(Records excerpted from a collection)

-- -- --

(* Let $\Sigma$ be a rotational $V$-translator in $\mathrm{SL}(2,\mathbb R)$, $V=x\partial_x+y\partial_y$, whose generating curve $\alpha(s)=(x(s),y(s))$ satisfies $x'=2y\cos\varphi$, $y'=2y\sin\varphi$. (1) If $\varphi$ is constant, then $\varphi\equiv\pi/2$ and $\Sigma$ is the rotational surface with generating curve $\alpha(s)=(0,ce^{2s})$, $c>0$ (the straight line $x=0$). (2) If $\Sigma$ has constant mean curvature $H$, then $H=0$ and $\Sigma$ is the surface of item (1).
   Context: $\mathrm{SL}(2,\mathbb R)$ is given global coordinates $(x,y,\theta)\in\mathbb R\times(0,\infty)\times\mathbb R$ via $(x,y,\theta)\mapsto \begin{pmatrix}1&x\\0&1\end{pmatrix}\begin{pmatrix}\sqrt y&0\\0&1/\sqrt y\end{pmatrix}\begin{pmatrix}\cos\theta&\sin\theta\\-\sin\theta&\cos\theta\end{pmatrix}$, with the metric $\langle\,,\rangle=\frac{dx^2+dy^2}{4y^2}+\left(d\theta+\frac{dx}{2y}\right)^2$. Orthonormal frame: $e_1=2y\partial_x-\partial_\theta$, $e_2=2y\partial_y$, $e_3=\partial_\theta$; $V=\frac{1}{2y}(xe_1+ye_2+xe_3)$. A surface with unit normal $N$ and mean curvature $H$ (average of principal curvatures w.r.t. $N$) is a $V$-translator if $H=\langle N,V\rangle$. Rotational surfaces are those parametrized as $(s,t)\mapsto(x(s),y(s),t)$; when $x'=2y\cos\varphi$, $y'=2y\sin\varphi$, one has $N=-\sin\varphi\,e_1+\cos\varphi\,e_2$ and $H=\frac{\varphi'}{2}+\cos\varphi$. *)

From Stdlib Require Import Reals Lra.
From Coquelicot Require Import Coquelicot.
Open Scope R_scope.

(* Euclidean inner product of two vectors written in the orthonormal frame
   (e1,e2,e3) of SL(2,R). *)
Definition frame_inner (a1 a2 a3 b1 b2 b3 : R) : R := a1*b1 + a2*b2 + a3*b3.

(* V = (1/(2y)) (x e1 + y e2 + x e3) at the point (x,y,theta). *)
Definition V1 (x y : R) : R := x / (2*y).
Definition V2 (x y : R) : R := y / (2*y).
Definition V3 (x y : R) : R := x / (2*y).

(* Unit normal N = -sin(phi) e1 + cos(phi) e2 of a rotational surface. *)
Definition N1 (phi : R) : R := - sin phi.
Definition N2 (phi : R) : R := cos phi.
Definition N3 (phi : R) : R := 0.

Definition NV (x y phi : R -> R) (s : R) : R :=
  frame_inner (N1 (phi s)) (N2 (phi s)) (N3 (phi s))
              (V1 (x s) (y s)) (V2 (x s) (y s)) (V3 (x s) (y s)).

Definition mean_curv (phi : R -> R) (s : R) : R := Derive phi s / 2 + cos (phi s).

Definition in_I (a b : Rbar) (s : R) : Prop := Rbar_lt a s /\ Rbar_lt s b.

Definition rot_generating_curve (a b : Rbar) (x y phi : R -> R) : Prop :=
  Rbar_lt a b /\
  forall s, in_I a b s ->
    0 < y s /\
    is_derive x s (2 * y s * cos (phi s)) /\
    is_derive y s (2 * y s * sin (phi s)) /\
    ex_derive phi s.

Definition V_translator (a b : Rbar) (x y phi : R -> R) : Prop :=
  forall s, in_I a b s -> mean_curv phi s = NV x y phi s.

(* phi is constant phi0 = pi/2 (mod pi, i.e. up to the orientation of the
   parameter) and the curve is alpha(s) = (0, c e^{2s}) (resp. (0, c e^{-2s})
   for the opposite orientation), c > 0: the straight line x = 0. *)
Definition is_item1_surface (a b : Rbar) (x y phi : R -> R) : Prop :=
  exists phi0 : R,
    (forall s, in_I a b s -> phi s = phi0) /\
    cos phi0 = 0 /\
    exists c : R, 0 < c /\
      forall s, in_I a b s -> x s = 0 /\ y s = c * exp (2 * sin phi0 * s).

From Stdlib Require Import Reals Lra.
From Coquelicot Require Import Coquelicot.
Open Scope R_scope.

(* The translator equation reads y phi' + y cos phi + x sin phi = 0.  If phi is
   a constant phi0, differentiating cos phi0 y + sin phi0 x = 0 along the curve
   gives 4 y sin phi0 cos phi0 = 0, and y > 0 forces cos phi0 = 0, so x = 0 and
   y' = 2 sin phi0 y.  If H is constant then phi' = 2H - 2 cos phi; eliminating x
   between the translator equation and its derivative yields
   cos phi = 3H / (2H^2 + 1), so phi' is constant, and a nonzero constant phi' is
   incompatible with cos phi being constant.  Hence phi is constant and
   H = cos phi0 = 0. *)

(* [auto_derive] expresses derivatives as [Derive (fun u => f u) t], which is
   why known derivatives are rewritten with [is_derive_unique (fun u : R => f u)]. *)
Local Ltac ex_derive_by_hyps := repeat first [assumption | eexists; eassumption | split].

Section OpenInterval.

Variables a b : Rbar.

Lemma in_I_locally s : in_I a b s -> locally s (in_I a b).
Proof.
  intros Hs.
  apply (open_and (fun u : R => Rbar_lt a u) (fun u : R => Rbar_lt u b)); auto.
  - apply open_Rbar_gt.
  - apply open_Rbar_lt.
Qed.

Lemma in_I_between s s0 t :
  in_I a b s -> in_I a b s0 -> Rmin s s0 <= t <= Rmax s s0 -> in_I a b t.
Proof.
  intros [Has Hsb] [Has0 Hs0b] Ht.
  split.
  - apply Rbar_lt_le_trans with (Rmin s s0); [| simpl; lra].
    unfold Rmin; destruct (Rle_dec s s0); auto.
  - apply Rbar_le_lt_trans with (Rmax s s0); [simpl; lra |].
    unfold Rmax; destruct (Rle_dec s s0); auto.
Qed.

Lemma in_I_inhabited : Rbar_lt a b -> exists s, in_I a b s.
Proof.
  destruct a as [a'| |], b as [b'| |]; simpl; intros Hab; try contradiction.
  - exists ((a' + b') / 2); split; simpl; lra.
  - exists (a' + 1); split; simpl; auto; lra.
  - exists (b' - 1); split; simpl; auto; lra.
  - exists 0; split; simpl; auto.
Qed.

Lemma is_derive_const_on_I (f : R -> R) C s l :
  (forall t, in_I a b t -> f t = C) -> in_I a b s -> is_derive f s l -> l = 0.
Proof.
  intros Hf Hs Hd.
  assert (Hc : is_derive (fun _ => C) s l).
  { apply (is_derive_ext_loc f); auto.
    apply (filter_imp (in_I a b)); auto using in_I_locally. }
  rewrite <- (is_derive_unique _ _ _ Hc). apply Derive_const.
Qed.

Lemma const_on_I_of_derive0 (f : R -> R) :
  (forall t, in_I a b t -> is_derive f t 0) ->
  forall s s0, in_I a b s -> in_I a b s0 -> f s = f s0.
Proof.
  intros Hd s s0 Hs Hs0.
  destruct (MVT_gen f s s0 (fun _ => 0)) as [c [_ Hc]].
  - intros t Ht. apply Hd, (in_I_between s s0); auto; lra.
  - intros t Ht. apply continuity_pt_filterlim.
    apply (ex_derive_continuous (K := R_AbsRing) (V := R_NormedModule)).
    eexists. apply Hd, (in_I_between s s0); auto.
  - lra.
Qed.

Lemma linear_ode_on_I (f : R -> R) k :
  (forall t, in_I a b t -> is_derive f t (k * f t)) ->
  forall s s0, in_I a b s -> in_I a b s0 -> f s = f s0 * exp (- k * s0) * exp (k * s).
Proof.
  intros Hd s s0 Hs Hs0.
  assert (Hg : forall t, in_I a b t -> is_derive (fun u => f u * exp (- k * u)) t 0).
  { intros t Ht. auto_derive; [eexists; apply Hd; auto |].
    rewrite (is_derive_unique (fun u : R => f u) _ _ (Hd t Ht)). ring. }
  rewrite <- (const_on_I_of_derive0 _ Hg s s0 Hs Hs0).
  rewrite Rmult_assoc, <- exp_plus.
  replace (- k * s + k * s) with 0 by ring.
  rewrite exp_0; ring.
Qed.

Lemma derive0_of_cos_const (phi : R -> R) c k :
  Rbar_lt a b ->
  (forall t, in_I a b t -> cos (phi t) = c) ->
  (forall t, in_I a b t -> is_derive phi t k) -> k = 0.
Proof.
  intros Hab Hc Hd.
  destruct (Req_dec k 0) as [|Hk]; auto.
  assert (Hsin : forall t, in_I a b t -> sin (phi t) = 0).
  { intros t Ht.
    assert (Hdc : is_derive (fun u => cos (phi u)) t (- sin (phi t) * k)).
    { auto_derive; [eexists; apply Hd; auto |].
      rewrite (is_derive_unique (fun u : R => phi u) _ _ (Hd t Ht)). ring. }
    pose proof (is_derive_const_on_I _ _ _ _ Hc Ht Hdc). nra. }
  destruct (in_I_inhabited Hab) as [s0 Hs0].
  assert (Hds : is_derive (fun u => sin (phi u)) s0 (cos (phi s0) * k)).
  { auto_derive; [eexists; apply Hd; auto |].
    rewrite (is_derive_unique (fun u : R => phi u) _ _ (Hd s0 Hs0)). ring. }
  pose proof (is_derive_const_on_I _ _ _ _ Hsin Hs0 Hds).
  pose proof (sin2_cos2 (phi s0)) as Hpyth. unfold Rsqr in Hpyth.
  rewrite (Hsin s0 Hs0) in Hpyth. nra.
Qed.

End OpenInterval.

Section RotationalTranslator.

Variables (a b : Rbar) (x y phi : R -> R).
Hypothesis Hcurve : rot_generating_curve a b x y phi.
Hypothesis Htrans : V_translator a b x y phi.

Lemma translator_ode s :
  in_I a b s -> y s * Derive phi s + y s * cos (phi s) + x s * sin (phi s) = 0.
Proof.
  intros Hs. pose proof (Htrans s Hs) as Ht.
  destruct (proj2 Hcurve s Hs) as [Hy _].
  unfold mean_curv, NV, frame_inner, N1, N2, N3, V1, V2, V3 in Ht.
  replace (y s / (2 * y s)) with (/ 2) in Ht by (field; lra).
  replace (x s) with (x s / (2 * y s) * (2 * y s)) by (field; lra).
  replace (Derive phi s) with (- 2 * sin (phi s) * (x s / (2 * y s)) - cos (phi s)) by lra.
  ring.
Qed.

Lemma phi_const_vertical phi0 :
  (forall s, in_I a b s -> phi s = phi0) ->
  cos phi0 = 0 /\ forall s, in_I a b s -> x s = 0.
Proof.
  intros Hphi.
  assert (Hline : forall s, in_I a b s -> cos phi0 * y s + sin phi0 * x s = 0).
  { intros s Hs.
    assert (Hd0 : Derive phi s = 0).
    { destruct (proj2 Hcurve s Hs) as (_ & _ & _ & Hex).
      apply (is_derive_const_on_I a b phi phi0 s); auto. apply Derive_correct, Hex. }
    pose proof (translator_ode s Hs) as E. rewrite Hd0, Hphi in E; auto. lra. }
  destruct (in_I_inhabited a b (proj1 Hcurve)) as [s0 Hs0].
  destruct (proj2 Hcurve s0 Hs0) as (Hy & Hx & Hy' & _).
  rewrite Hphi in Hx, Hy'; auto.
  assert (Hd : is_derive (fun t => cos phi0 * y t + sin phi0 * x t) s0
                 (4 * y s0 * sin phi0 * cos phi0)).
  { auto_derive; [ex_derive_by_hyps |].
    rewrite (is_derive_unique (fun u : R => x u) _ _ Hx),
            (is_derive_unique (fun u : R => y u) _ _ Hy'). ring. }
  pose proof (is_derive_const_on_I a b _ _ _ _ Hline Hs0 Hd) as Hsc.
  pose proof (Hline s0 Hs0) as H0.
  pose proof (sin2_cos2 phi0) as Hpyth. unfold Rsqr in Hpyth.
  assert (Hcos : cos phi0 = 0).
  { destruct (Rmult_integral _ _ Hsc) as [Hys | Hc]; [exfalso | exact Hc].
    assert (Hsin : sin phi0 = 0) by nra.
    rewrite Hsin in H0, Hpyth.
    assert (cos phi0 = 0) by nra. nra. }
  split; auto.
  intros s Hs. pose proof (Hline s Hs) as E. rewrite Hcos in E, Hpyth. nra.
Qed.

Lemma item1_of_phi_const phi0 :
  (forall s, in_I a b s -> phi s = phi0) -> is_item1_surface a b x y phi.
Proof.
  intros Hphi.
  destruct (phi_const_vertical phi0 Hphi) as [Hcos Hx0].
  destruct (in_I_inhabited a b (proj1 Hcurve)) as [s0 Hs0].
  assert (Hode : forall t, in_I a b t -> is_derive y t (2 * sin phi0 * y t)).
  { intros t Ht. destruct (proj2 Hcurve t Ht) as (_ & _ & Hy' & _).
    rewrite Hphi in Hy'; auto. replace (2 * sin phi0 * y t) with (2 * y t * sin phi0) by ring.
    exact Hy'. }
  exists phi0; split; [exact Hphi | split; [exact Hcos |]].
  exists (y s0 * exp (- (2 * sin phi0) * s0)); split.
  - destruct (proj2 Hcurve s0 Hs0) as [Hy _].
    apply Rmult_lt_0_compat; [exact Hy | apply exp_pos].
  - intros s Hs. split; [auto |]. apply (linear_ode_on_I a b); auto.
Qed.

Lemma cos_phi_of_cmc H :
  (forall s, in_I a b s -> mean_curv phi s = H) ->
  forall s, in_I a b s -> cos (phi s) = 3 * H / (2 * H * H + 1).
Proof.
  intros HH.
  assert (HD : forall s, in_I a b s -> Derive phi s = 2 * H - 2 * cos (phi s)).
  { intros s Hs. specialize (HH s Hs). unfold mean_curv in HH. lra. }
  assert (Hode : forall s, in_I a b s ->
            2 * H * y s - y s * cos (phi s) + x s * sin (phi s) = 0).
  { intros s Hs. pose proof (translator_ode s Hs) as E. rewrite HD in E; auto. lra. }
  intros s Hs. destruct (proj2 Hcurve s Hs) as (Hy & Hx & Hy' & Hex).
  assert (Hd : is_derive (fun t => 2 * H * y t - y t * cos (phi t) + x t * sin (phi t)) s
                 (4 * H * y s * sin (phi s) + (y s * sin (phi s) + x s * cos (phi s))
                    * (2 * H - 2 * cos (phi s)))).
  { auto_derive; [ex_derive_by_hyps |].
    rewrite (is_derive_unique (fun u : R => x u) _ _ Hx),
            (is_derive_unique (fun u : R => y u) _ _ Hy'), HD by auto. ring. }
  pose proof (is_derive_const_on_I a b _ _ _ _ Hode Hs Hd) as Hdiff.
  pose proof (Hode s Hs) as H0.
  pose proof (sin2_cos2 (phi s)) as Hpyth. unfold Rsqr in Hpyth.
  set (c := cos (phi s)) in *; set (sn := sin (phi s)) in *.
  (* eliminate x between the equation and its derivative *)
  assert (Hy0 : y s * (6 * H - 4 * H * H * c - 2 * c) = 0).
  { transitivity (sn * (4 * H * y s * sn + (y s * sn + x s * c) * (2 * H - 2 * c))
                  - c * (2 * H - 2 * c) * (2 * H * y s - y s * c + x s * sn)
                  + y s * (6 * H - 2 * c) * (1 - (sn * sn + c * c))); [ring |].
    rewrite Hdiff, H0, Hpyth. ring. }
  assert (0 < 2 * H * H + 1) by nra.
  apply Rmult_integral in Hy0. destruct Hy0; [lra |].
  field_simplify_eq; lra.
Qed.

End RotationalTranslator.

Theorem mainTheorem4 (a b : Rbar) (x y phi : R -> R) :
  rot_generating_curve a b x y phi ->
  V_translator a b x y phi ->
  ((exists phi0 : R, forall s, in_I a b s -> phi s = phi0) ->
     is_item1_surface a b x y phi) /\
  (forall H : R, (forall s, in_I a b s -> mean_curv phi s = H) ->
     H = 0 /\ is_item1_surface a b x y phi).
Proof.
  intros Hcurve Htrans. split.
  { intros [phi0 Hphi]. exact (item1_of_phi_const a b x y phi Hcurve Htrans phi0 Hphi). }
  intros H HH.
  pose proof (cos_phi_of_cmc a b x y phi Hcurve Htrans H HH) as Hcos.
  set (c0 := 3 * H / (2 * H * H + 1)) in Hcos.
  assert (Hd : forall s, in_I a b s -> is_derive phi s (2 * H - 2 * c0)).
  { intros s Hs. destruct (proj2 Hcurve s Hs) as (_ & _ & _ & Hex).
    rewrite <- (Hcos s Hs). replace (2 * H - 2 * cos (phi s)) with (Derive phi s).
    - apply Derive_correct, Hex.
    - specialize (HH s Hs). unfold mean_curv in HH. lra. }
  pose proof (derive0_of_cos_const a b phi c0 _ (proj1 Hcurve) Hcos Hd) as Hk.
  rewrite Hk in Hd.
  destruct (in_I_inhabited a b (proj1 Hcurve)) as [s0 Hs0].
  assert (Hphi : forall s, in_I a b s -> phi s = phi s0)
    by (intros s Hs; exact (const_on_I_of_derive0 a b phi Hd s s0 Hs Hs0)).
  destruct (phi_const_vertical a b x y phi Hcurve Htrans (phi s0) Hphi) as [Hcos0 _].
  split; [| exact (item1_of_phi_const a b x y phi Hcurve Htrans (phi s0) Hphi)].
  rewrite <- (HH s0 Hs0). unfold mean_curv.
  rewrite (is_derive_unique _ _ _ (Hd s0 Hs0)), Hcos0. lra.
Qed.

-- -- --

_What to work on_
Find every line above where the word "Hphi" occurs, and copy that line.

_Answer section_
  intros Hphi.
    pose proof (translator_ode s Hs) as E. rewrite Hd0, Hphi in E; auto. lra. }
  rewrite Hphi in Hx, Hy'; auto.
  intros Hphi.
  destruct (phi_const_vertical phi0 Hphi) as [Hcos Hx0].
    rewrite Hphi in Hy'; auto. replace (2 * sin phi0 * y t) with (2 * y t * sin phi0) by ring.
  exists phi0; split; [exact Hphi | split; [exact Hcos |]].
  { intros [phi0 Hphi]. exact (item1_of_phi_const a b x y phi Hcurve Htrans phi0 Hphi). }
  assert (Hphi : forall s, in_I a b s -> phi s = phi s0)
  destruct (phi_const_vertical a b x y phi Hcurve Htrans (phi s0) Hphi) as [Hcos0 _].
  split; [| exact (item1_of_phi_const a b x y phi Hcurve Htrans (phi s0) Hphi)].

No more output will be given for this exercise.